THE LIST OF PERSONS THAT ARE NOT PERMITTED TRANSFEREES MAY BE OBTAINED BY CONTACTING CHIEF LEGAL COUNSEL, NEIMAN MARCUS GROUP, INC., ONE MARCUS SQUARE, 1618 MAIN STREET, DALLAS, TEXAS, 75201.
THE SECURITIES REPRESENTED BY THIS CERTIFICATE ARE ALSO SUBJECT TO CERTAIN RESTRICTIONS ON TRANSFERS SET FORTH IN ARTICLE VII OF THE CERTIFICATE OF DESIGNATION FILED WITH THE SECRETARY OF STATE FOR THE STATE OF DELAWARE PURSUANT TO SECTION 202 OF THE DELAWARE GENERAL CORPORATION LAW (THE “CERTIFICATE OF DESIGNATION”).
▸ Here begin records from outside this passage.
Lemma Lhat_psd h : H h -> 0 <= ip (Lhat K xs h) h.
Proof.
move=> Hh; rewrite (_ : Lhat K xs h = fun y =>
    \sum_(m < M) M%:R^-1 *: mxapp (K y (xs m)) (h (xs m))); last first.
  by apply: funext => y; rewrite /Lhat scaler_sumr.
rewrite ip_sum => [|m|//]; last by apply: rkhsZ; apply: rkhs_section.
apply: sumr_ge0 => m _; have HKm := rkhs_section (xs m) (h (xs m)).
rewrite ipZ // ip_sym // ip_reproducing //.
by rewrite mulr_ge0 ?invr_ge0 ?ler0n ?dotv_ge0.
Qed.

Lemma LhatB f g t : Lhat K xs (fun y => f y - g y) t = Lhat K xs f t - Lhat K xs g t.
Proof.
rewrite /Lhat -scalerBr -sumrB; congr (_ *: _); apply: eq_bigr => m _.
by rewrite /mxapp mulmxBl.
Qed.

Lemma regularized_unique {lam : R} {f g} : 0 < lam -> H f -> H g ->
  (forall t, Lhat K xs f t + lam *: f t = Lhat K xs g t + lam *: g t) -> f = g.
Proof.
move=> lam_gt0 Hf Hg Efg; pose h y := f y - g y.
have Hh : H h by apply: rkhsB.
have Lh0 t : Lhat K xs h t + lam *: h t = 0.
  by rewrite LhatB /h scalerBr addrACA -opprD Efg subrr.
have HL := Lhat_in h.
have HlamH : H (fun y => lam *: h y) by apply: rkhsZ.
have : ip (Lhat K xs h) h + lam * ip h h = 0.
  rewrite -(ipZ lam Hh Hh) -(ipD HL HlamH Hh).
  by rewrite (funext Lh0) ip0.
have hpos : 0 <= lam * ip h h by apply: mulr_ge0; [exact: ltW | exact: ip_ge0].
move/eqP; rewrite paddr_eq0 ?Lhat_psd // mulf_eq0 (gt_eqF lam_gt0) /=.
move=> /andP[_ /eqP /(ip_eq0 Hh) h0].
apply: funext => t; apply/eqP; rewrite -subr_eq0.
by move: (congr1 (fun F => F t) h0); rewrite /h /= => ->.
Qed.

End Empirical.
End RKHS.
Lemma perm_of_iota k (pi : seq nat) : perm_eq pi (iota 1 k) ->
  size pi = k /\ exists sg : {perm 'I_k}, forall j : 'I_k, nth 0 pi j = (sg j).+1.
Proof.
move=> pi_perm; have size_pi : size pi = k by rewrite (perm_size pi_perm) size_iota.
have in_range (j : 'I_k) : 0 < nth 0 pi j <= k.
  have : nth 0 pi j \in iota 1 k by rewrite -(perm_mem pi_perm) mem_nth ?size_pi.
  by rewrite mem_iota add1n ltnS.
have val_lt (j : 'I_k) : (nth 0 pi j).-1 < k by have := in_range j; lia.
have val_inj : injective (fun j => Ordinal (val_lt j)).
  move=> x y /(congr1 val) /= same.
  have same_nth : nth 0 pi x = nth 0 pi y by have := in_range x; have := in_range y; lia.
  have pi_uniq : uniq pi by rewrite (perm_uniq pi_perm) iota_uniq.
  by apply: ord_inj; apply/eqP; rewrite -(nth_uniq 0 _ _ pi_uniq) ?size_pi // same_nth.
split=> //; exists (perm val_inj) => j; rewrite permE /=.
by have := in_range j; lia.
Qed.

Lemma up_log_pow_le p l : 1 < p -> 0 < l -> p ^ up_log p l <= p * l.
Proof.
move=> p_gt1 l_gt0; case: (ltngtP l 1) => [|l_gt1 | ->]; first by lia.
  have /andP[pred_lt _] := up_log_bounds p_gt1 l_gt1.
  have : 0 < up_log p l by rewrite up_log_gt0 p_gt1 l_gt1.
  by case: (up_log p l) pred_lt => //= u lt_l _; rewrite expnS leq_mul2l ltnW ?orbT.
by rewrite up_log1 expn0 muln1 ltnW.
Qed.

Theorem corollary9 (k : nat) (pi : seq nat) (Hpi : perm_eq pi (iota 1 k)) :
  exists e : nat, forall n l : nat, 1 <= n -> n <= l ->
    (forall mu : 'I_n -> nat, (forall i, 0 < mu i) -> (\sum_(i < n) mu i) = l ->
       s_count n l mu pi <= e ^ l) /\
    w_count l n pi <= e ^ l.
Proof.
have [size_pi [sg pi_sg]] := perm_of_iota Hpi.
set b := block_size k; set c := density k * (b * b).
exists (2 ^ (c * b)) => n l n_gt0 n_le_l.
set N := grid_size b (up_log b l).
have b_gt1 : 1 < b := block_size_gt1 k.
have l_le_N : l <= N by rewrite /N grid_sizeE up_logP.
have N_le : N <= b * l by rewrite /N grid_sizeE up_log_pow_le //; lia.
have words : w_count l n pi <= (2 ^ (c * b)) ^ l.
  have n_le_N : n <= N by apply: leq_trans l_le_N.
  apply: leq_trans (w_count_le_avoiders n_le_N l_le_N size_pi pi_sg) _.
  apply: leq_trans (card_avoiders sg (up_log b l)) _.
  by rewrite -expnM leq_exp2l // -/b -/c -/N -mulnA leq_mul2l N_le orbT.
by split=> [mu _ _|//]; apply: leq_trans words; apply: s_count_le_w_count.
Qed.
Lemma info_density_le t c : (forall x, 0 <= t x) -> (forall x, 0 <= c x) ->
  info_density (fun x => t x + c x) <=
  (ln 2)^-1 / B * \big[Num.max/0]_x t x + k%:R / (2 ^+ k * B) * \sum_x c x.
Proof.
move=> t0 c0.
have N0 : 0 <= #|{: k.-tuple bool}|%:R^-1 :> R by rewrite invr_ge0 ler0n.
apply: (@le_trans _ _ (sum_MS (fun m s =>
    (ln 2)^-1 * (qcond t m s ^+ 2 / qmarg t s - qcond t m s) + k%:R * qcond c m s))).
  apply: ler_sum => m _; apply: (ler_wpM2l N0); apply: ler_sum => s _.
  rewrite /info_term qcondD qmargD.
  by apply: mul_log2_split_le; rewrite ?qcond_ge0 ?qmarg_ge0 ?qcond_le_qmarg.
rewrite sum_MS_lin !sum_MS_qcond.
have il2 : 0 <= (ln (2 : R))^-1 by rewrite invr_ge0 ltW // ln2_gt0.
by have := ler_wpM2l il2 (sum_MS_sq_div_le _ t0); lra.
Qed.

Section channel.
Context {d : measure_display} {Z : measurableType d}.
Variables (mu : {measure set Z -> \bar R}) (omega : X -> Z -> R).
Hypothesis omega_ge0 : forall x z, 0 <= omega x z.
Hypothesis omega_meas : forall x, measurable_fun setT (omega x).
Hypothesis omega_prob : forall x, (\int[mu]_z (omega x z)%:E = 1)%E.

Lemma integrable_omega x : mu.-integrable setT (EFin \o omega x).
Proof. by apply: ge0_integrable_EFin => //; rewrite omega_prob ltry. Qed.

Lemma measurable_qcond m s : measurable_fun setT (fun z => qcond (omega^~ z) m s).
Proof.
under eq_fun do rewrite qcondE.
by apply: measurable_funM; [exact: measurable_cst|exact: measurable_sum_cond].
Qed.

Lemma measurable_qmarg s : measurable_fun setT (fun z => qmarg (omega^~ z) s).
Proof.
apply: measurable_sum => m.
by apply: measurable_funM; [exact: measurable_cst|exact: measurable_qcond].
Qed.

Lemma integrable_qmarg s : mu.-integrable setT (EFin \o (fun z => qmarg (omega^~ z) s)).
Proof.
apply: (eq_integrable measurableT
  (fun z => ((2 ^+ k * B * sigma)^-1)%:E * \sum_x (omega x z)%:E)%E).
  by move=> z _; rewrite /= qmargE sumEFin EFinM.
by apply: integrableZl => //; apply: integrable_sum => // x _; exact: integrable_omega.
Qed.

Lemma measurable_info_term m s :
  measurable_fun setT (fun z => info_term (omega^~ z) m s).
Proof.
(* Avoids measurability of a quotient: [qmarg] is positive wherever [qcond] is. *)
rewrite (_ : (fun z => _) = fun z => (ln 2)^-1 *
    (qcond (omega^~ z) m s * (ln (qcond (omega^~ z) m s) - ln (qmarg (omega^~ z) s)))).
  apply: measurable_funM; first exact: measurable_cst.
  apply: measurable_funM; first exact: measurable_qcond.
  by apply: measurable_funB; apply: measurableT_comp (@measurable_ln R) _;
    [exact: measurable_qcond|exact: measurable_qmarg].
apply/funext => z; have t0 := omega_ge0^~ z.
apply: mul_log2_divE; first exact: qcond_ge0.
exact: gt0_of_le_mulr (qmarg_ge0 _ _ t0) (qcond_le_qmarg _ _ _ t0).
Qed.

Lemma integrable_info_term m s :
  mu.-integrable setT (EFin \o (fun z => info_term (omega^~ z) m s)).
Proof.
pose C := k%:R * 2 ^+ k + (ln (2 : R))^-1.
have C0 : 0 <= C by rewrite /C addr_ge0 ?mulr_ge0 ?exprn_ge0 // invr_ge0 ltW // ln2_gt0.
apply: (le_integrable measurableT _ _ (integrableZl measurableT C (integrable_qmarg s))).
  exact/measurable_EFinP/measurable_info_term.
move=> z _ /=; have t0 := omega_ge0^~ z.
rewrite lee_fin [X in _ <= X]ger0_norm ?mulr_ge0 ?qmarg_ge0 //.
apply: le_trans (normr_mul_log2_le (qcond_ge0 _ m s t0) (qmarg_ge0 _ s t0)
  (qcond_le_qmarg _ m s t0)) _.
rewrite /C mulrDl -mulrA lerD2r; apply: ler_wpM2l => //.
exact: qcond_le_qmarg.
Qed.

Lemma integrable_sum_info_term m :
  mu.-integrable setT (fun z => \sum_s (info_term (omega^~ z) m s)%:E)%E.
Proof. by apply: integrable_sum => // s _; exact: integrable_info_term. Qed.

Lemma integrable_info_density :
  mu.-integrable setT (EFin \o (fun z => info_density (omega^~ z))).
Proof.
apply: (eq_integrable measurableT (fun z => \sum_(m : k.-tuple bool)
  (#|{: k.-tuple bool}|%:R^-1)%:E * \sum_s (info_term (omega^~ z) m s)%:E)%E).
  move=> z _; rewrite /= /info_density /sum_MS -sumEFin; apply: eq_bigr => m _.
  by rewrite EFinM sumEFin.
apply: integrable_sum => // m _; apply: integrableZl => //.
exact: integrable_sum_info_term.
Qed.

Lemma MI_M_ZSE : MI_M_ZS mu f omega = (\int[mu]_z (info_density (omega^~ z))%:E)%E.
Proof.
rewrite /info_density /sum_MS.
under eq_integral do rewrite -sumEFin.
under eq_integral do under eq_bigr do rewrite EFinM -sumEFin.
rewrite integral_sum //; last by move=> m; apply: integrableZl => //; exact: integrable_sum_info_term.
apply: eq_bigr => m _; rewrite integralZl //; last exact: integrable_sum_info_term.
by rewrite integral_sum // => s; exact: integrable_info_term.
Qed.

(* [trunc T] is the density of the subnormalized channel V_T, and
   [Imax_T mu omega T] unfolds to [log2e (max_mass T)]. *)
Definition trunc (T : set (X * Z)) x z : R := if (x, z) \in T then omega x z else 0.

Definition max_mass (T : set (X * Z)) : \bar R :=
  (\int[mu]_z (\big[Num.max/0]_x trunc T x z)%:E)%E.

Lemma trunc_ge0 T x z : 0 <= trunc T x z.
Proof. by rewrite /trunc; case: ifP. Qed.

Lemma trunc_le T x z : trunc T x z <= omega x z.
Proof. by rewrite /trunc; case: ifP. Qed.

Lemma max_mass_ge0 T : (0 <= max_mass T)%E.
Proof. by apply: integral_ge0 => z _; rewrite lee_fin bigmax_ge_id. Qed.

Section truncation.
Variables (eps : R) (T : set (X * Z)).
Hypothesis T_meas : forall x, measurable [set z | T (x, z)].
Hypothesis T_mass : forall x, ((1 - eps)%:E <= chan mu omega x [set z | T (x, z)])%E.

Lemma mem_section x z : ((x, z) \in T) = (z \in [set z | T (x, z)]).
Proof. by apply/idP/idP => /set_mem; exact: mem_set. Qed.

Lemma measurable_trunc x : measurable_fun setT (trunc T x).
Proof.
have := measurable_fun_if_mem (T_meas x) (omega_meas x).
by apply: eq_measurable_fun => z _; rewrite /trunc mem_section.
Qed.

Lemma integrable_trunc x : mu.-integrable setT (EFin \o trunc T x).
Proof.
apply: (le_integrable measurableT _ _ (integrable_omega x)).
  exact/measurable_EFinP/measurable_trunc.
by move=> z _ /=; rewrite lee_fin !ger0_norm ?trunc_ge0 ?trunc_le.
Qed.

Lemma chan_truncE x :
  chan mu omega x [set z | T (x, z)] = (\int[mu]_z (trunc T x z)%:E)%E.
Proof.
rewrite /chan integral_mkcond; apply: eq_integral => z _.
by rewrite patchE /trunc mem_section; case: ifP.
Qed.

Lemma integral_sub_trunc_le x : (\int[mu]_z (omega x z - trunc T x z)%:E <= eps%:E)%E.
Proof.
rewrite integralB_EFin //= ?omega_prob; [|exact: integrable_omega|exact: integrable_trunc].
have := T_mass x; rewrite chan_truncE.
rewrite -(fineK (integrable_fin_num measurableT (integrable_trunc x))).
by rewrite -EFinB !lee_fin; lra.
Qed.

Definition info_bound z : R := (ln 2)^-1 / B * \big[Num.max/0]_x trunc T x z +
  k%:R / (2 ^+ k * B) * \sum_x (omega x z - trunc T x z).

Lemma info_density_le_bound z : info_density (omega^~ z) <= info_bound z.
Proof.
have -> : omega^~ z = fun x => trunc T x z + (omega x z - trunc T x z).
  by apply/funext => x; rewrite addrC subrK.
by apply: info_density_le => x; rewrite ?trunc_ge0 ?subr_ge0 ?trunc_le.
Qed.
(* Let $\mathcal{H}$ be a real Hilbert space, $A_1:\mathcal{H}\to\mathcal{H}$ monotone and $L$-Lipschitz, and $A_2:\mathcal{H}\rightrightarrows\mathcal{H}$ maximally $\mu$-strongly monotone. Let $\Gamma\subseteq\mathbb{R}_{++}$ be a nonempty closed interval and $T_\gamma:=\mathrm{Id}-J_{\gamma A_1}+J_{\gamma A_2}(2J_{\gamma A_1}-\mathrm{Id})$ for $\gamma\in\Gamma$. Then there exists $\beta\in[0,1)$ such that every $T_\gamma$, $\gamma\in\Gamma$, is a $\beta$-contraction.
   Context: $J_A=(\mathrm{Id}+A)^{-1}$. $A_2$ is $\mu$-strongly monotone if $\langle x-y,u-v\rangle\ge\mu\|x-y\|^2$ for all $(x,u),(y,v)\in\operatorname{gra}A_2$. A $\beta$-contraction satisfies $\|Tx-Ty\|\le\beta\|x-y\|$ for all $x,y$. *)

From HB Require Import structures.
From mathcomp Require Import all_boot all_order all_algebra.
From mathcomp Require Import all_classical all_reals all_analysis.
Set Implicit Arguments. Unset Strict Implicit. Unset Printing Implicit Defensive.
Import Order.TTheory GRing.Theory Num.Theory.
Import numFieldNormedType.Exports.
Local Open Scope classical_set_scope.
Local Open Scope ring_scope.

HB.mixin Record NormedModule_isInnerProduct (R : realType) V
    of NormedModule R V := {
  inner : V -> V -> R;
  innerC : forall x y, inner x y = inner y x;
  innerDl : forall x y z, inner (x + y) z = inner x z + inner y z;
  innerZl : forall (a : R) x y, inner (a *: x) y = a * inner x y;
  inner_normE : forall x, inner x x = `|x| ^+ 2
}.

#[short(type="hilbertType")]
HB.structure Definition Hilbert (R : realType) :=
  { V of CompleteNormedModule R V & NormedModule_isInnerProduct R V }.

Section Operators.
Context {R : realType} {H : hilbertType R}.

Definition setop := H -> set H.

Definition sop (A : H -> H) : setop := fun x => [set A x].

Definition monotone_op (A : setop) : Prop :=
  forall x y u v, A x u -> A y v -> 0 <= inner (x - y) (u - v).

Definition strongly_monotone_op (mu : R) (A : setop) : Prop :=
  forall x y u v, A x u -> A y v -> mu * `|x - y| ^+ 2 <= inner (x - y) (u - v).

Definition maximally_monotone_op (A : setop) : Prop :=
  monotone_op A /\
  forall B : setop, monotone_op B -> (forall x u, A x u -> B x u) ->
    forall x u, B x u -> A x u.

Definition maximally_strongly_monotone_op (mu : R) (A : setop) : Prop :=
  0 < mu /\ strongly_monotone_op mu A /\ maximally_monotone_op A.

Definition lipschitz_map (L : R) (A : H -> H) : Prop :=
  forall x y, `|A x - A y| <= L * `|x - y|.

(* resolvent J_{gamma A} = (Id + gamma A)^{-1}: the (chosen) point y with
   x \in y + gamma A y *)
Definition resolvent (gamma : R) (A : setop) (x : H) : H :=
  get [set y | exists2 u, A y u & x = y + gamma *: u].

Definition DR_op (gamma : R) (A1 : H -> H) (A2 : setop) (x : H) : H :=
  x - resolvent gamma (sop A1) x
    + resolvent gamma A2 (2%:R *: resolvent gamma (sop A1) x - x).

Definition beta_contraction (beta : R) (T : H -> H) : Prop :=
  forall x y, `|T x - T y| <= beta * `|x - y|.

End Operators.

From HB Require Import structures.
From mathcomp Require Import all_boot all_order all_algebra.
From mathcomp Require Import all_classical all_reals all_analysis.
From mathcomp Require Import ring lra.
Import Order.TTheory GRing.Theory Num.Theory.
Import numFieldNormedType.Exports.
Local Open Scope classical_set_scope.
Local Open Scope ring_scope.

(* Minty's theorem comes from minimizing, over pairs (x, u), the Fitzpatrick
   function F of a maximally monotone B plus (|x|^2 + |u|^2) / 2.  Maximality
   gives F(x, u) >= <x, u>, so the sum is at least |x + u|^2 / 2 >= 0; it is
   strongly convex, so minimizing sequences are Cauchy; and the first-order
   condition at a minimizer (x, u) forces x + u = 0 and B (-u) (-x).  Hence all
   resolvents are everywhere defined.

   Write x = p + gamma A1 p and T_gamma x = p - gamma w, where
   w is in A2 (p - gamma A1 p - gamma w).  For two points, the differences
   P = p - p', U = gamma (A1 p - A1 p') and V = gamma (w - w') satisfy
     |P + U|^2 = |P - V|^2 + |U + V|^2 + 2 <P, U> + 2 <P - U - V, V>,
   monotonicity of A1 and strong monotonicity of A2 make the last three terms
   at least c |P|^2 / 2 with c = min(1, 2 a mu), and |P + U| <= (1 + b |L|) |P|
   by the Lipschitz bound; this gives a contraction factor uniform in gamma. *)

Lemma ge0_of_small_perturbation {R : realFieldType} {a b : R} :
  (forall t, 0 < t <= 1 -> 0 <= a + t * b) -> 0 <= a.
Proof.
move=> small; rewrite leNgt; apply/negP => a_lt0.
have b_gt0 : 0 < b by have := small 1; rewrite ltr01 lexx mul1r; lra.
have t0 : 0 < - a / (b - a) by rewrite divr_gt0; lra.
have t1 : - a / (b - a) <= 1 by rewrite ler_pdivrMr; lra.
have := small (- a / (b - a)); rewrite t0 t1 => /(_ isT).
have -> : a + - a / (b - a) * b = - (a ^+ 2 / (b - a)) by field; lra.
suff : 0 < a ^+ 2 / (b - a) by lra.
by apply: divr_gt0; nra.
Qed.

Lemma sqr_le_contraction {R : realFieldType} (x y e : R) :
  0 <= e <= 1 -> 0 <= y -> x ^+ 2 <= (1 - e) * y ^+ 2 -> x <= (1 - e / 2) * y.
Proof.
move=> /andP[e0 e1] y0 xy; rewrite leNgt; apply/negP => lt_x.
have : 0 <= (1 - e / 2) * y by rewrite mulr_ge0 //; lra.
nra.
Qed.

Section CauchySqr.
Context {R : realType} {V : completeNormedModType R}.

Lemma cvg_sqr_distB_le (z : nat -> V) {r : nat -> R} : r @ \oo --> 0 ->
  (forall n k, (n <= k)%N -> `|z n - z k| ^+ 2 <= r n) -> cvg (z @ \oo).
Proof.
move=> r0 zr; apply: cauchy_cvg; apply: cauchy_exP => e e0.
have [N _ rN] := cvgr0_norm_lt _ r0 _ (exprn_gt0 2 e0).
exists (z N); exists N => // n /= Nn; rewrite -ball_normE /=.
have zN := zr N n Nn; have rN' := rN N (leqnn N).
rewrite -ltr_sqr ?nnegrE ?(ltW e0) //.
exact: le_lt_trans zN (le_lt_trans (ler_norm _) rN').
Qed.

End CauchySqr.

Section InnerProduct.
Context {R : realType} {H : hilbertType R}.
Implicit Types (x y z : H) (a : R).

Lemma innerDr x y z : inner x (y + z) = inner x y + inner x z.
Proof. by rewrite innerC innerDl !(innerC _ x). Qed.

Lemma innerZr a x y : inner x (a *: y) = a * inner x y.
Proof. by rewrite innerC innerZl innerC. Qed.

Lemma inner0l y : inner 0 y = 0 :> R.
Proof. by rewrite -(scale0r 0) innerZl mul0r. Qed.

Lemma innerNl x y : inner (- x) y = - inner x y.
Proof. by rewrite -scaleN1r innerZl mulN1r. Qed.

Lemma innerNr x y : inner x (- y) = - inner x y.
Proof. by rewrite innerC innerNl innerC. Qed.

Definition innerE :=
  (@innerDl R H, innerDr, innerNl, innerNr, @innerZl R H, innerZr).

Lemma inner_self_ge0 x : 0 <= inner x x.
Proof. by rewrite inner_normE exprn_ge0. Qed.

Lemma inner_self_eq0 x : (inner x x == 0) = (x == 0).
Proof. by rewrite inner_normE sqrf_eq0 normr_eq0. Qed.

Lemma inner_le_sqr x y : 2 * inner x y <= inner x x + inner y y.
Proof. by have := inner_self_ge0 (x - y); rewrite !innerE (innerC y x); lra. Qed.

Lemma inner_polar x y : inner x y = (`|x + y| ^+ 2 - `|x - y| ^+ 2) / 4.
Proof. by rewrite -!inner_normE !innerE (innerC y x); lra. Qed.

Lemma cvg_inner {T : Type} (F : set_system T) {FF : Filter F} (f g : T -> H) x y :
  f @ F --> x -> g @ F --> y -> inner (f t) (g t) @[t --> F] --> inner x y.
Proof.
move=> fx gy; rewrite inner_polar !expr2.
under eq_fun do rewrite inner_polar !expr2.
apply: cvgM; last exact: cvg_cst.
have nD : `|f t + g t| @[t --> F] --> `|x + y| by apply: cvg_norm; apply: cvgD.
have nB : `|f t - g t| @[t --> F] --> `|x - y| by apply: cvg_norm; apply: cvgB.
by apply: cvgB; apply: cvgM.
Qed.

End InnerProduct.

Section Minty.
Context {R : realType} {H : hilbertType R}.
Implicit Types (x u y v : H) (s t : R).

Definition fitz_reg y v x u : R :=
  inner x v + inner y u - inner y v + (inner x x + inner u u) / 2.

Lemma fitz_reg_comb y v x u x' u' t :
  fitz_reg y v ((1 - t) *: x + t *: x') ((1 - t) *: u + t *: u') =
  (1 - t) * fitz_reg y v x u + t * fitz_reg y v x' u'
  - t * (1 - t) / 2 * (inner (x - x') (x - x') + inner (u - u') (u - u')).
Proof. by rewrite /fitz_reg !innerE (innerC x' x) (innerC u' u); ring. Qed.

Variable B : H -> set H.
Hypothesis mmB : maximally_monotone_op B.
Lemma repair_removed_edge X x y : #|red_nodes f| < #|blue_nodes f| ->
  simple_edge_set X -> (forall v, balanced f X v) ->
  x != y -> [set x; y] \in E -> [set x; y] \notin X -> is_blue f x ->
  exists2 Z, MIE_feasible f Z &
    edit_cost E Z <= edit_cost E X /\ misedits f E Z \proper misedits f E X.
Proof.
move=> RB sX bX xy xyE xyX bx; have yx : y != x by rewrite eq_sym.
set Y := [set x; y] |: X.
have cY : edit_cost E Y < edit_cost E X.
  by have := edit_cost_setU1 E xyX; rewrite -/Y xyE /=; lia.
have mY : misedits f E Y \proper misedits f E X.
  have misX : misplaced f E X [set x; y].
    by rewrite /misplaced !inE (negbTE xyX) xyE !forall_in_set2 /is_red (bx : f x).
  have okY : ~~ misplaced f E Y [set x; y].
    by rewrite /misplaced !inE eqxx xyE.
  exact: misedits_proper (misedits_setU1 okY) misX okY.
have bY v : v != x -> balanced f Y v.
  move=> vx; apply: (balanced_setU1_edge xyX xy (bX v)) => [vx' | _ //].
  by rewrite vx' eqxx in vx.
have [bYx | ubYx] := boolP (balanced f Y x).
  exists Y; last by split; first exact: ltnW.
  apply/MIE_feasibleE; split; first exact: simple_setU1.
  by move=> v; case: (eqVneq v x) => [-> | /bY].
have : ~~ (blue_nodes f \subset x |: [set u in nbrs Y x | is_blue f u]).
  apply/negP => /subset_leq_card; rewrite cardsU1.
  by have := red_deg_le_card f Y x; move: ubYx RB; rewrite /balanced /blue_deg; lia.
case/subsetPn => u; rewrite inE => bu.
rewrite in_setU1 negb_or in_set mem_nbrs => /andP [ux].
rewrite ux bu /= andbT => xuY; have xu : x != u by rewrite eq_sym.
exists ([set x; u] |: Y).
  apply/MIE_feasibleE; split; first exact/simple_setU1/simple_setU1.
  move=> v; case: (eqVneq v x) => [-> | vx].
    exact: balanced_setU1_pair xyX xuY yx ux bu (bX x).
  apply: (balanced_setU1_edge xuY xu (bY v vx)) => [vx' | _ //].
  by rewrite vx' eqxx in vx.
split; first exact: leq_trans (edit_cost_setU1_le E xuY) cY.
apply: sub_proper_trans mY; apply: misedits_setU1.
by rewrite /misplaced !inE eqxx !forall_in_set2 bx bu /= !andbF.
Qed.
NO TRANSFER, SALE, ASSIGNMENT, PLEDGE, HYPOTHECATION OR OTHER DISPOSITION OF THE SECURITIES REPRESENTED BY THIS CERTIFICATE MAY BE MADE EXCEPT IN ACCORDANCE WITH THE PROVISIONS OF THE CERTIFICATE OF DESIGNATION. A COPY OF THE CERTIFICATE OF DESIGNATION WILL BE FURNISHED WITHOUT CHARGE BY THE COMPANY TO THE HOLDER UPON REQUEST.
In the case of the Securities sold pursuant to Regulation S, the shares of Series A Preferred Stock will bear an additional legend substantially to the following effect:
“BY ITS ACQUISITION HEREOF, THE HOLDER HEREOF REPRESENTS THAT IT IS NOT A U.S. PERSON, NOR IS IT PURCHASING FOR THE ACCOUNT OF A U.S. PERSON, AND IS ACQUIRING THIS SECURITY IN AN OFFSHORE TRANSACTION IN ACCORDANCE WITH REGULATION S UNDER THE SECURITIES ACT OF 1933, AS AMENDED.”